Retype only the lines at the head of the records, first through the one with "rewrite (@sum_uniq_support _", exactly as written.
─── Records for processing
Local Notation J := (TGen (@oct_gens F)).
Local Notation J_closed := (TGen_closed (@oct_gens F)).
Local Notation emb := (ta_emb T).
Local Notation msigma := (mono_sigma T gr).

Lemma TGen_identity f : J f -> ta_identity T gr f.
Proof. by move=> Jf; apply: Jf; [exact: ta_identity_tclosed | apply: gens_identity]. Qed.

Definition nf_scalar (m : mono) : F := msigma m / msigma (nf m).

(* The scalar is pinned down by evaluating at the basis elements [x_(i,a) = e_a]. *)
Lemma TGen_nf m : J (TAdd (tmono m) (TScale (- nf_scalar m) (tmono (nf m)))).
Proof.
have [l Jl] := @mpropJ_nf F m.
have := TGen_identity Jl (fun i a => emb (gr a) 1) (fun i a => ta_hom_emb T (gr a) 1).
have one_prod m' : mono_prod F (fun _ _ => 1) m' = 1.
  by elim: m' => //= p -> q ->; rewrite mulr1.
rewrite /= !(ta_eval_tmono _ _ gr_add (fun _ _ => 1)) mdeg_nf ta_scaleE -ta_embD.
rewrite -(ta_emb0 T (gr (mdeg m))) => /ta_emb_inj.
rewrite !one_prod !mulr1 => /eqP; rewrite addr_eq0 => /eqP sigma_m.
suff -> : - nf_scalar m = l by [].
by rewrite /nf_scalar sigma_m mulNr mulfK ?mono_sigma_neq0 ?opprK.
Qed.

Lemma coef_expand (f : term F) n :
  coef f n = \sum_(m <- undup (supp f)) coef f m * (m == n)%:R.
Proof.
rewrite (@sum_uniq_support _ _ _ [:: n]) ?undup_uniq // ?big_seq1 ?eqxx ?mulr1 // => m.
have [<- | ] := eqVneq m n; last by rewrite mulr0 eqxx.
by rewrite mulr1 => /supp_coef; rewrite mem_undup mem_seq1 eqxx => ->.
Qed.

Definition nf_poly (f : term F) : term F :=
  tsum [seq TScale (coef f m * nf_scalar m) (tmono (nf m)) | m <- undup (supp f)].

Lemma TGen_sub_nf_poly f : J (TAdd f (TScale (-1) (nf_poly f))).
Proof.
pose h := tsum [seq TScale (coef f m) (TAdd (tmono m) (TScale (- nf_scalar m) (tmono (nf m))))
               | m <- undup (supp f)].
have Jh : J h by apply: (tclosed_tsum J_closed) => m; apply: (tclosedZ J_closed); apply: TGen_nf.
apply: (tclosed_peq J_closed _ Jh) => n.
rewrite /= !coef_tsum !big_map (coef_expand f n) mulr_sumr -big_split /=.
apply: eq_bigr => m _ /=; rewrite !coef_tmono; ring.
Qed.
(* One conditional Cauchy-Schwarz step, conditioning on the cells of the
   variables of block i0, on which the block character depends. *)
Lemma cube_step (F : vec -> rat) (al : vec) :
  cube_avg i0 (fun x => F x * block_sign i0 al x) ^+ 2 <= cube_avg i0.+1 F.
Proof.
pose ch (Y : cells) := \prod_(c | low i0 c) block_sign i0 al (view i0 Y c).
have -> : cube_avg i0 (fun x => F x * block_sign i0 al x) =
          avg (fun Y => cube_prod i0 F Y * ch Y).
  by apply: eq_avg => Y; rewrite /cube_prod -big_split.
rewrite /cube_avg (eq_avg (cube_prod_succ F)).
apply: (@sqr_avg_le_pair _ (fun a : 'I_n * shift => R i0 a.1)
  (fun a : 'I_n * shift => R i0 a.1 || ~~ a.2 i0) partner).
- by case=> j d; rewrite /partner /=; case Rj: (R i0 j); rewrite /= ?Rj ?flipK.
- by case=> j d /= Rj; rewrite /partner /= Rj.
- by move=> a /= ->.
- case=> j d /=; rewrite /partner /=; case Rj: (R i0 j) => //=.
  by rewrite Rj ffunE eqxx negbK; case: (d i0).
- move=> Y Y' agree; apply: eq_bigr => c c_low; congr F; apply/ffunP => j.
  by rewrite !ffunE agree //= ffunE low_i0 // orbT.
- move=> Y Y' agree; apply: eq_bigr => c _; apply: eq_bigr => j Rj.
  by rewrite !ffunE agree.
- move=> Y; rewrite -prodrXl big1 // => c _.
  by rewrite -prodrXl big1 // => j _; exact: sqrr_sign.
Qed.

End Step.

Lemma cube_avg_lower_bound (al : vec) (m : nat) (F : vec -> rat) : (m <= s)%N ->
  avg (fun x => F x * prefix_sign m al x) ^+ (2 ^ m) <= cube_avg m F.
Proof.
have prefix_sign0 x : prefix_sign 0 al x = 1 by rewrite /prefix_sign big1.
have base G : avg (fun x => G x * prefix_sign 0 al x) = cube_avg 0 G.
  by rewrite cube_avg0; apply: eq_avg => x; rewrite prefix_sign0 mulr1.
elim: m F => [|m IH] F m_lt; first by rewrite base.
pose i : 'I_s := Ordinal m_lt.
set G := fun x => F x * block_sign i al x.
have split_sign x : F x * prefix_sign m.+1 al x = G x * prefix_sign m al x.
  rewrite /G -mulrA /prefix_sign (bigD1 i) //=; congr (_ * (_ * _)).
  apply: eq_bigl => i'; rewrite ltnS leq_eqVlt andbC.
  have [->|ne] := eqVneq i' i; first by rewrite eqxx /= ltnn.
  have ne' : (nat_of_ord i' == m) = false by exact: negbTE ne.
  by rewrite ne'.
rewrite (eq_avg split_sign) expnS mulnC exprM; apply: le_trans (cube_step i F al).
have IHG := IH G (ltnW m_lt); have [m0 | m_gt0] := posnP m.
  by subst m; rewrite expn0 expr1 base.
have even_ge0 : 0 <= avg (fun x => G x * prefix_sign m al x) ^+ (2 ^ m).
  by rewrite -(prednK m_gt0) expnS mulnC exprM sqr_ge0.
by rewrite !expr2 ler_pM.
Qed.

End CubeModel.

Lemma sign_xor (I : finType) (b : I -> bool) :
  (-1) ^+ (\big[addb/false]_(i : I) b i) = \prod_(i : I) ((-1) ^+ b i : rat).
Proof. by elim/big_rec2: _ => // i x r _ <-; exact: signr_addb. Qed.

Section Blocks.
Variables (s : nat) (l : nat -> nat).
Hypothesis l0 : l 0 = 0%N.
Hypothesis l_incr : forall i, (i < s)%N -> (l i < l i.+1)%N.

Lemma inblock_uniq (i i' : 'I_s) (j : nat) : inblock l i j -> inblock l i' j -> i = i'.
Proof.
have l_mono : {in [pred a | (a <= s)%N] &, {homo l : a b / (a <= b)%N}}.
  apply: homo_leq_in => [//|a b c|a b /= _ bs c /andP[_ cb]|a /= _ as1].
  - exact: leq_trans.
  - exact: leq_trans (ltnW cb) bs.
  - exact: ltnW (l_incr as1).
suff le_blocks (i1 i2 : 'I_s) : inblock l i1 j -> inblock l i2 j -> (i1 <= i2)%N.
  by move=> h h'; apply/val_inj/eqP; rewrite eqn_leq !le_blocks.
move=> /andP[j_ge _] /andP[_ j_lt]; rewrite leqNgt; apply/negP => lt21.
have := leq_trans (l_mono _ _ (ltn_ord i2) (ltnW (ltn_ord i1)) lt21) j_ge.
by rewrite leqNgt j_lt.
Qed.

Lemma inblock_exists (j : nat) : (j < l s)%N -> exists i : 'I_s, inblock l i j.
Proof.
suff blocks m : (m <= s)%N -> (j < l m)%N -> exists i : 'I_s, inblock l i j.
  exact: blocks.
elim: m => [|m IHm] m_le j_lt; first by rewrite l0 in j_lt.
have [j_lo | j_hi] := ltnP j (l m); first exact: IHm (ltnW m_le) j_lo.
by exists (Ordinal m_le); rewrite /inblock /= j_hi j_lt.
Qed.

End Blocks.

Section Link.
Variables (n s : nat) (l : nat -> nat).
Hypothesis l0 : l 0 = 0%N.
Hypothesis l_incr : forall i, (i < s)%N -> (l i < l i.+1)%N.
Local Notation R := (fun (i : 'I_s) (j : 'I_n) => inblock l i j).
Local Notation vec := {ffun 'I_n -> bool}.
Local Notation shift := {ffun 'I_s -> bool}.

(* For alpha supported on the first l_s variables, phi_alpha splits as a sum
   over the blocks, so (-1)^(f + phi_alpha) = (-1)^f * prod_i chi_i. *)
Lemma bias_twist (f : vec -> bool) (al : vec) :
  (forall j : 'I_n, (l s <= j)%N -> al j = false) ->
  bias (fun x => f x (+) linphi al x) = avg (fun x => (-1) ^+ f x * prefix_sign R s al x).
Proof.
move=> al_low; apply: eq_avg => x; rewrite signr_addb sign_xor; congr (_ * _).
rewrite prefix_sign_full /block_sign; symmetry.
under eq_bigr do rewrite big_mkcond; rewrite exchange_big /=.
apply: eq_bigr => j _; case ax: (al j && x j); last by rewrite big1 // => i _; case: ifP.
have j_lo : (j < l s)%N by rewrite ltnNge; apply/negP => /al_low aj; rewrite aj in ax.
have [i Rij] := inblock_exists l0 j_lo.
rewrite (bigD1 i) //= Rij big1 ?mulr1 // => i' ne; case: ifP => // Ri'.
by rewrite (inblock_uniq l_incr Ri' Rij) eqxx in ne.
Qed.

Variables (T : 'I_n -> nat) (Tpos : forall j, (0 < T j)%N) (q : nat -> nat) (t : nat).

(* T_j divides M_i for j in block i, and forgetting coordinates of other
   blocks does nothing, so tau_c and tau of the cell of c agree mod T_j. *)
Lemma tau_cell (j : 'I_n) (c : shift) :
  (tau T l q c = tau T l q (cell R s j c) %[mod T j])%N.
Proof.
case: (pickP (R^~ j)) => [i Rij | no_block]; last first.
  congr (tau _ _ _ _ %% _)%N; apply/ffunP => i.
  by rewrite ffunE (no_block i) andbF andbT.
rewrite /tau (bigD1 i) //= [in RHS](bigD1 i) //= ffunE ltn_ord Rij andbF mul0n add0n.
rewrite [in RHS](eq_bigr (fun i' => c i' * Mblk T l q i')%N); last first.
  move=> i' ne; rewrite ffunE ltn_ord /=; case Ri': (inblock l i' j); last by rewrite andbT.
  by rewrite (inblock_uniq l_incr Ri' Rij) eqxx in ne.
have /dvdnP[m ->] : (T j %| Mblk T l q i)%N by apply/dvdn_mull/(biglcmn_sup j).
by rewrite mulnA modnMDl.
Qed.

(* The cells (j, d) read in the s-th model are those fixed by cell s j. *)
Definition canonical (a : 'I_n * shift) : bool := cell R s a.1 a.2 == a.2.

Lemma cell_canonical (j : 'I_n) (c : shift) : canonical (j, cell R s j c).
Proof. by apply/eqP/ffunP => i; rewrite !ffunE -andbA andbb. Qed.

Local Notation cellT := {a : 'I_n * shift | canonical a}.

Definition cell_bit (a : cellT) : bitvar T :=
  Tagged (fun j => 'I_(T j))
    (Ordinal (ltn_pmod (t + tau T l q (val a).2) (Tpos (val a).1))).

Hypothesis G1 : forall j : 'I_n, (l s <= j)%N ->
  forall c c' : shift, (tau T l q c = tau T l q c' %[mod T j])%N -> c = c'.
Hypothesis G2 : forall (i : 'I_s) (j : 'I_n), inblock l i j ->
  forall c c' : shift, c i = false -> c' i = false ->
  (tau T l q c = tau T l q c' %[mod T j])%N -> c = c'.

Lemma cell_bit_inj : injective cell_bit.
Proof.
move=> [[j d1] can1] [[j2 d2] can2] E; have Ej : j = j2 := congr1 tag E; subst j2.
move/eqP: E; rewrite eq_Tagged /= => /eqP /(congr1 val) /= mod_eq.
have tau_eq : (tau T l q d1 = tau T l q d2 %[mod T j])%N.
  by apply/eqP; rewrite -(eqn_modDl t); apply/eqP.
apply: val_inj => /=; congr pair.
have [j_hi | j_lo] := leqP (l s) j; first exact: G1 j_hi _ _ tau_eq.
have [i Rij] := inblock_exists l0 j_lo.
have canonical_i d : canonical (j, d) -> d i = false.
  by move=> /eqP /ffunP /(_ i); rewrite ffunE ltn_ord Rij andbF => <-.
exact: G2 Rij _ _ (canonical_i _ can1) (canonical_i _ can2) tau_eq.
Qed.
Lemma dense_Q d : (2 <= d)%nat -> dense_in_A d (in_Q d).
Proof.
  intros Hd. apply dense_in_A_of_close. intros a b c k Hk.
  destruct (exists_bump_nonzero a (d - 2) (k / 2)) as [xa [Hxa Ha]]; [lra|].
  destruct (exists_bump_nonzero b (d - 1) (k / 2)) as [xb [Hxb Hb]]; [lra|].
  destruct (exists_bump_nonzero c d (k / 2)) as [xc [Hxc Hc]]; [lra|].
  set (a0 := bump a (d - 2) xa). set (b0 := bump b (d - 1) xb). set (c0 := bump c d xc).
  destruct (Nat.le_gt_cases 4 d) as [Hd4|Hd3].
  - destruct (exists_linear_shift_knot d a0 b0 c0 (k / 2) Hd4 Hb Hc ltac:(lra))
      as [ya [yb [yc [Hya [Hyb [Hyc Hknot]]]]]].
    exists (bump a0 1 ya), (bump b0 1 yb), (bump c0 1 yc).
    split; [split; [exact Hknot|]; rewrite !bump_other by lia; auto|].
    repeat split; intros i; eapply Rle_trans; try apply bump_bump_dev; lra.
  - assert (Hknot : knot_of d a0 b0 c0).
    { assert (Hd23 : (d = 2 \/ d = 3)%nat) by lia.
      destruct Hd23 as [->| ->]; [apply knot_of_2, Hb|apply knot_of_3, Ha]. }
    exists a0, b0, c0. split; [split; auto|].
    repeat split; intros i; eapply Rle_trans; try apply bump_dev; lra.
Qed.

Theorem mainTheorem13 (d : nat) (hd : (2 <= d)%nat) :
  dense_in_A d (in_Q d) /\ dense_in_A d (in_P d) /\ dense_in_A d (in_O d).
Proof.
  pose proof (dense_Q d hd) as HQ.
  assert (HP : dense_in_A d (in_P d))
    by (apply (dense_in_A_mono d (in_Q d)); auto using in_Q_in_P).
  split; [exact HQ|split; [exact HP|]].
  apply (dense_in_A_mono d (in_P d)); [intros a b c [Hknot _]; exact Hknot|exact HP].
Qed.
──────
Response area:
Local Notation J := (TGen (@oct_gens F)).
Local Notation J_closed := (TGen_closed (@oct_gens F)).
Local Notation emb := (ta_emb T).
Local Notation msigma := (mono_sigma T gr).

Lemma TGen_identity f : J f -> ta_identity T gr f.
Proof. by move=> Jf; apply: Jf; [exact: ta_identity_tclosed | apply: gens_identity]. Qed.

Definition nf_scalar (m : mono) : F := msigma m / msigma (nf m).

(* The scalar is pinned down by evaluating at the basis elements [x_(i,a) = e_a]. *)
Lemma TGen_nf m : J (TAdd (tmono m) (TScale (- nf_scalar m) (tmono (nf m)))).
Proof.
have [l Jl] := @mpropJ_nf F m.
have := TGen_identity Jl (fun i a => emb (gr a) 1) (fun i a => ta_hom_emb T (gr a) 1).
have one_prod m' : mono_prod F (fun _ _ => 1) m' = 1.
  by elim: m' => //= p -> q ->; rewrite mulr1.
rewrite /= !(ta_eval_tmono _ _ gr_add (fun _ _ => 1)) mdeg_nf ta_scaleE -ta_embD.
rewrite -(ta_emb0 T (gr (mdeg m))) => /ta_emb_inj.
rewrite !one_prod !mulr1 => /eqP; rewrite addr_eq0 => /eqP sigma_m.
suff -> : - nf_scalar m = l by [].
by rewrite /nf_scalar sigma_m mulNr mulfK ?mono_sigma_neq0 ?opprK.
Qed.

Lemma coef_expand (f : term F) n :
  coef f n = \sum_(m <- undup (supp f)) coef f m * (m == n)%:R.
Proof.
rewrite (@sum_uniq_support _ _ _ [:: n]) ?undup_uniq // ?big_seq1 ?eqxx ?mulr1 // => m.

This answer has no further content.